┌────────

(* Let $X$ be a compact metric space and $T:X\to X$ a surjective local homeomorphism such that $Sp_l(X,T)$ is a finite set consisting of isolated points of $X$. Then \[{\rm dim}_{\rm am}(X,T)\le{\rm dim}_{\rm tow}(X,T).\]
   Context: $Sp_l(X,T)=\{x:|T^{-1}(\{x\})|\ge2\}$. For $n\in\mathbb{Z}$ and $x\in X$, $T^n(\{x\})$ is the image under $T^n$ if $n\ge0$ and the preimage under $T^{|n|}$ if $n<0$. $P_d(\mathbb{Z})$ is the set of probability measures on $\mathbb{Z}$ supported on at most $d+1$ points, with metric $\rho(\mu,\nu)=\sum_{m}|\mu(m)-\nu(m)|$ and $\mathbb{Z}$-action $\alpha_n(\mu)(m)=\mu(m-n)$. A map $\varphi:X\to P_d(\mathbb{Z})$ is $(E,\varepsilon)$-equivariant ($E\subseteq\mathbb{Z}$ finite, $\varepsilon>0$) if $\rho(\varphi(y),\alpha_n(\varphi(x)))<\varepsilon$ for all $n\in E$, $x\in X$, $y\in T^n(\{x\})$. ${\rm dim}_{\rm am}(X,T)$ is the least $d$ such that for every finite $E$ and $\varepsilon>0$ there is a continuous $(E,\varepsilon)$-equivariant $\varphi:X\to P_d(\mathbb{Z})$. Tower dimension ${\rm dim}_{\rm tow}(X,T)$: least $d$ such that for every finite $E\subseteq\mathbb{Z}$ there are finitely many pairs $(V_i,S_i)$, $V_i$ open, $S_i\subseteq\mathbb{N}$ finite, with $T^{-m}(\overline{V_i})\cap T^{-n}(\overline{V_i})=\varnothing$ for distinct $m,n\in S_i$ ($T^{-j}$ = preimage under $T^j$), the family $\{T^{-n}(V_i):n\in S_i\}$ partitionable into at most $d+1$ subfamilies of pairwise disjoint sets and covering $X$, and each $x$ lying in some $T^{-n}(V_i)$ with $n\in S_i$, $E+n\subseteq S_i$. Dimensions are $\infty$ if no such $d$ exists. *)

From HB Require Import structures.
From mathcomp Require Import all_boot all_order all_algebra.
From mathcomp Require Import all_classical all_reals all_analysis.
Set Implicit Arguments. Unset Strict Implicit. Unset Printing Implicit Defensive.
Import Order.TTheory GRing.Theory Num.Theory.
Import numFieldNormedType.Exports.
Local Open Scope classical_set_scope.
Local Open Scope ring_scope.

(* T^n({x}) for n : int : image under T^n if n >= 0, preimage under T^|n| if n < 0 *)
Definition Tn_orbit (X : Type) (T : X -> X) (n : int) (x : X) : set X :=
  match n with
  | Posz k => [set y | y = iter k T x]
  | Negz k => [set y | iter k.+1 T y = x]
  end.

(* mu : int -> R is (the mass function of) an element of P_d(Z): a probability
   measure on Z supported on at most d+1 points. *)
Definition in_Pd (R : realType) (d : nat) (mu : int -> R) : Prop :=
  exists s : seq int, [/\ uniq s, (size s <= d.+1)%N,
    (forall m, m \notin s -> mu m = 0),
    (forall m, 0 <= mu m) & \sum_(m <- s) mu m = 1].

(* rho(mu,nu) = sum_m |mu m - nu m| for finitely supported mu, nu:
   the sum computed over any duplicate-free list containing both supports. *)
Definition rho_lt (R : realType) (mu nu : int -> R) (eps : R) : Prop :=
  exists s : seq int, [/\ uniq s,
    (forall m, m \notin s -> mu m = 0 /\ nu m = 0) &
    \sum_(m <- s) `|mu m - nu m| < eps].

Definition alpha (R : realType) (n : int) (mu : int -> R) : int -> R :=
  fun m => mu (m - n).

Definition rho_continuous (R : realType) (X : topologicalType)
  (phi : X -> int -> R) : Prop :=
  forall (x : X) (eps : R), 0 < eps -> \forall y \near x, rho_lt (phi y) (phi x) eps.

Definition equivariant (R : realType) (X : Type) (T : X -> X)
  (E : seq int) (eps : R) (phi : X -> int -> R) : Prop :=
  forall n, n \in E -> forall x y, Tn_orbit T n x y ->
    rho_lt (phi y) (alpha n (phi x)) eps.

Definition am_prop (R : realType) (X : topologicalType) (T : X -> X) (d : nat) : Prop :=
  forall (E : seq int) (eps : R), 0 < eps ->
    exists phi : X -> int -> R, [/\ forall x, in_Pd d (phi x),
      rho_continuous phi & equivariant T E eps phi].

Definition tow_prop (X : topologicalType) (T : X -> X) (d : nat) : Prop :=
  forall E : seq int,
    exists (k : nat) (V : 'I_k -> set X) (S : 'I_k -> seq nat),
      [/\ (forall i, open (V i)),
        (forall i m n, m \in S i -> n \in S i -> m != n ->
           (iter m T @^-1` closure (V i)) `&` (iter n T @^-1` closure (V i)) = set0),
        (exists c : 'I_k -> nat -> 'I_d.+1,
           forall i j m n, m \in S i -> n \in S j -> (i, m) != (j, n) ->
             c i m = c j n ->
             (iter m T @^-1` V i) `&` (iter n T @^-1` V j) = set0),
        (forall x : X, exists i n, n \in S i /\ (iter n T @^-1` V i) x) &
        (forall x : X, exists i n, [/\ n \in S i, (iter n T @^-1` V i) x &
           forall e, e \in E -> exists2 m : nat, m \in S i & m%:Z = e + n%:Z])].

(* least d with the property, +oo if none (infimum in the extended reals) *)
Definition dim_am (R : realType) (X : topologicalType) (T : X -> X) : \bar R :=
  ereal_inf [set (d%:R)%:E | d in [set d : nat | am_prop R T d]].

Definition dim_tow (R : realType) (X : topologicalType) (T : X -> X) : \bar R :=
  ereal_inf [set (d%:R)%:E | d in [set d : nat | tow_prop T d]].

(* local homeomorphism: continuous, and every point has an open neighbourhood U
   on which T is injective and maps open subsets of U to open sets
   (i.e. T|_U is a homeomorphism onto the open set T(U)). *)
Definition local_homeo (X : topologicalType) (T : X -> X) : Prop :=
  continuous T /\
  forall x : X, exists U : set X, [/\ open U, U x, {in U &, injective T} &
    forall W, open W -> W `<=` U -> open (T @` W)].

Definition Sp_l (X : Type) (T : X -> X) : set X :=
  [set x | exists y1 y2, [/\ y1 <> y2, T y1 = x & T y2 = x]].

From HB Require Import structures.
From mathcomp Require Import all_boot all_order all_algebra.
From mathcomp Require Import all_classical all_reals all_analysis.
From mathcomp Require Import zify ring lra.
Import Order.TTheory GRing.Theory Num.Theory.
Import numFieldNormedType.Exports.
Local Open Scope classical_set_scope.
Local Open Scope ring_scope.
Set Implicit Arguments. Unset Strict Implicit. Unset Printing Implicit Defensive.

(* Take towers for the window [-L, L]. A point z gives mass a_i(n) g_i(T^n z)
   to -n, for every level n of every tower i: here g_i is a continuous bump
   supported in V_i, at most 1, and (by compactness) equal to 1 at some level
   whose window [n - L, n + L] lies in S_i, while a_i(n) counts the radii
   t < L with [n - t, n + t] inside S_i. Normalising gives the map to P_d(Z):
   levels of one colour are disjoint, so at most d + 1 of them are active at
   a point. As a_i is 1-Lipschitz and vanishes off S_i, replacing z by T^k z
   shifts the masses by k up to a total error 2k(d + 1), while the total mass
   is at least L; so the shift is k-equivariant up to 4k(d + 1)/L. *)

Lemma sum_shift_leq (f g : nat -> bool) n :
  (forall t, f t.+1 -> g t) -> (\sum_(t < n) f t <= \sum_(t < n) g t + 1)%N.
Proof.
move=> fg; case: n => [|n]; first by rewrite !big_ord0.
rewrite big_ord_recl big_ord_recr /= addnC leq_add //; last by case: (f 0).
apply: leq_trans (leq_addr _ _); apply: leq_sum => t _.
by case E: (f _) => //; rewrite /= (fg _ E).
Qed.

Section Plateau.
Local Open Scope nat_scope.
Variables (S : seq nat) (L : nat).

Definition window_in (j t : nat) : bool :=
  [forall s : 'I_t.+1, (j + s \in S) && (s <= j) && (j - s \in S)].

Definition plateau (j : nat) : nat := \sum_(t < L) window_in j t.

Lemma window_inP j t :
  reflect (forall s, s <= t -> [/\ j + s \in S, s <= j & j - s \in S])
          (window_in j t).
Proof.
apply: (iffP forallP) => H.
  move=> s st; have := H (Ordinal (st : s < t.+1)).
  by case/andP => /andP[-> ->] ->.
by move=> [s /= st]; have [-> -> ->] := H s st.
Qed.

Lemma window_in_succ j t : window_in j t.+1 -> window_in j.+1 t.
Proof.
move/window_inP => H; apply/window_inP => s st.
have [h1 h2 _] := H s.+1 st.
split; [by rewrite addSnnS | lia |].
case: s st {h1 h2} => [|s] st; first by have [+ _ _] := H 1 isT; rewrite addn1.
by have [_ _ +] := H s (leqW (ltnW st)); rewrite subSS.
Qed.

Lemma window_in_pred j t : window_in j.+1 t.+1 -> window_in j t.
Proof.
move/window_inP => H; apply/window_inP => s st.
have [_ h2 h3] := H s.+1 st.
split; [|by []|by rewrite subSS in h3].
case: s st {h2 h3} => [|s] st.
  by have [_ _ +] := H 1 isT; rewrite subSS subn0 addn0.
by have [+ _ _] := H s (leqW (ltnW st)); rewrite addSnnS.
Qed.

Lemma plateau_notin j : j \notin S -> plateau j = 0.
Proof.
move=> jS; rewrite /plateau big1 // => t _.
case W: (window_in j t) => //; move/window_inP: W => /(_ 0 isT) [+ _ _].
by rewrite addn0 (negbTE jS).
Qed.

Lemma plateau_lipschitz j k : plateau j <= plateau (j + k) + k /\
                              plateau (j + k) <= plateau j + k.
Proof.
elim: k => [|k [IH1 IH2]]; first by rewrite !addn0.
have h1 : plateau (j + k) <= plateau (j + k).+1 + 1.
  by apply: sum_shift_leq => t; apply: window_in_succ.
have h2 : plateau (j + k).+1 <= plateau (j + k) + 1.
  by apply: sum_shift_leq => t; apply: window_in_pred.
rewrite [j + k.+1]addnS; lia.
Qed.

Lemma plateau_le_succ j : plateau j <= j.+1.
Proof.
have [_] := plateau_lipschitz 0 j; rewrite add0n.
suff : plateau 0 <= 1 by lia.
rewrite /plateau; case: L => [|n]; first by rewrite big_ord0.
rewrite big_ord_recl big1 ?addn0; first by case: (window_in 0 0).
by move=> t _; case W: (window_in _ _) => //; move/window_inP: W => /(_ 1 isT) [].
Qed.

Lemma plateau_full j :
  (forall s, s <= L -> [/\ j + s \in S, s <= j & j - s \in S]) -> plateau j = L.
Proof.
move=> H; rewrite /plateau -[RHS]card_ord -sum1_card; apply: eq_bigr => t _.
suff -> : window_in j t by [].
by apply/window_inP => s st; apply: H; apply: leq_trans st (ltnW _).
Qed.

End Plateau.

Lemma plateau_full_of_shifts (S : seq nat) (L n : nat) :
  (forall e, e \in [seq l%:Z - L%:Z | l <- iota 0 (2 * L).+1] ->
     exists2 m, m \in S & m%:Z = e + n%:Z) ->
  plateau S L n = L.
Proof.
move=> shifts; apply: plateau_full => s sL.
have [p1 p1S e1] : exists2 m, m \in S & m%:Z = s%:Z + n%:Z.
  by apply: shifts; apply/mapP; exists (s + L)%N; [rewrite mem_iota; lia | lia].
have [p2 p2S e2] : exists2 m, m \in S & m%:Z = - s%:Z + n%:Z.
  by apply: shifts; apply/mapP; exists (L - s)%N; [rewrite mem_iota; lia | lia].
split; [by have -> : (n + s = p1)%N by lia | lia | by have -> : (n - s = p2)%N by lia].
Qed.

Section FinitelySupportedSums.
Variables (R : numDomainType) (I : eqType).

Lemma big_uniq_supp (f : I -> R) s s0 : uniq s -> uniq s0 ->
  (forall m, m \notin s0 -> f m = 0) -> {subset s0 <= s} ->
  \sum_(m <- s) f m = \sum_(m <- s0) f m.
Proof.
move=> us us0 f0 sub.
rewrite (bigID (fun m => m \in s0)) /= [X in _ + X]big1 ?addr0; last first.
  by move=> m /f0.
rewrite -big_filter; apply: perm_big; apply: uniq_perm.
- exact: filter_uniq.
- exact: us0.
by move=> m; rewrite mem_filter; case: (boolP (m \in s0)) => // /sub ->.
Qed.

Lemma big_uniq_supp_le (f : I -> R) s s0 : uniq s -> uniq s0 ->
  (forall m, 0 <= f m) -> (forall m, m \notin s0 -> f m = 0) ->
  \sum_(m <- s) f m <= \sum_(m <- s0) f m.
Proof.
move=> us us0 fge f0.
rewrite (bigID (fun m => m \in s0)) /= [X in _ + X]big1 ?addr0; last first.
  by move=> m /f0.
rewrite -big_filter [X in _ <= X](bigID (fun m => m \in [seq m <- s | m \in s0])) /=.
rewrite -[X in X <= _]addr0 lerD ?sumr_ge0 // -[X in _ <= X]big_filter le_eqVlt.
apply/orP; left; apply/eqP; apply: perm_big; apply: uniq_perm; rewrite ?filter_uniq //.
by move=> m; rewrite !mem_filter; case: (m \in s); case: (m \in s0).
Qed.

End FinitelySupportedSums.

Lemma dist_ratio_le (R : realFieldType) (a b A B : R) : 0 <= b -> 0 < A -> 0 < B ->
  `|a / A - b / B| <= `|a - b| / A + b * (`|A - B| / (A * B)).
Proof.
move=> b0 A0 B0.
have -> : a / A - b / B = (a - b) / A + b * ((B - A) / (A * B)).
  by field; rewrite !gt_eqF.
apply: le_trans (ler_normD _ _) _; apply: lerD.
  by rewrite normrM [`|A^-1|]ger0_norm // invr_ge0 ltW.
rewrite normrM (ger0_norm b0) ler_wpM2l // normrM distrC ger0_norm //.
by rewrite invr_ge0 ltW // mulr_gt0.
Qed.

Lemma intN_or_pos (m : int) :
  (exists j : nat, m = - j%:Z) \/ (exists n : nat, m = n.+1%:Z).
Proof.
case: m => [[|n]|n]; first by left; exists 0%N.
  by right; exists n.
by left; exists n.+1; rewrite NegzE.
Qed.

Lemma continuous_iter (X : topologicalType) (T : X -> X) n :
  continuous T -> continuous (iter n T).
Proof.
move=> cT; elim: n => [|n IH] x; first exact: cvg_id.
exact: (continuous_comp (IH x) (cT _)).
Qed.

Section TowerMeasure.
Variables (R : realType) (X : topologicalType) (T : X -> X) (k : nat)
  (V : 'I_k -> set X) (S : 'I_k -> seq nat) (d L J : nat)
  (c : 'I_k -> nat -> 'I_d.+1) (g : 'I_k -> X -> R).
Hypothesis colouring : forall i j m n, m \in S i -> n \in S j ->
  (i, m) != (j, n) -> c i m = c j n ->
  (iter m T @^-1` V i) `&` (iter n T @^-1` V j) = set0.
Hypothesis S_lt_J : forall i m, m \in S i -> (m < J)%N.
Hypothesis g_ge0 : forall i y, 0 <= g i y.
Hypothesis g_le1 : forall i y, g i y <= 1.
Hypothesis g_supp : forall i y, 0 < g i y -> V i y.

Let a i j := plateau (S i) L j.

Definition level_mass i (m : int) z : R :=
  if m <= 0 then (a i `|m|)%:R * g i (iter `|m| T z) else 0.

Definition level_bump i (m : int) z : R :=
  if (m <= 0) && (`|m|%N \in S i) then g i (iter `|m| T z) else 0.

Definition active z i (m : int) : bool :=
  [&& m <= 0, `|m|%N \in S i & 0 < g i (iter `|m| T z)].

Definition mass z m := \sum_(i < k) level_mass i m z.

Definition levels : seq int := [seq - j%:Z | j <- index_iota 0 J].

Definition total_mass z := \sum_(m <- levels) mass z m.

Definition tower_measure z m := mass z m / total_mass z.

Lemma levels_uniq : uniq levels.
Proof.
rewrite map_inj_uniq ?iota_uniq // => x y /eqP; rewrite eqr_opp => /eqP.
by case.
Qed.

Lemma mem_levels m : m <= 0 -> (`|m| < J)%N -> m \in levels.
Proof.
move=> m0 mJ; apply/mapP; exists `|m|%N; first by rewrite mem_index_iota.
by rewrite -[m]opprK abszN gez0_abs // oppr_ge0.
Qed.

Lemma levels_bounds m : m \in levels -> - J%:Z <= m /\ m <= 0.
Proof. by case/mapP => j; rewrite mem_index_iota => /andP[_ jJ] ->; lia. Qed.

Lemma active_levels z i m : active z i m -> m \in levels.
Proof. by case/and3P => m0 mS _; apply: mem_levels => //; exact: S_lt_J mS. Qed.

└────────

**ACTIVITY**
Search the data above for lines holding "while" and copy each of them.

**RESPONSE BOX**
   whose window [n - L, n + L] lies in S_i, while a_i(n) counts the radii
   shifts the masses by k up to a total error 2k(d + 1), while the total mass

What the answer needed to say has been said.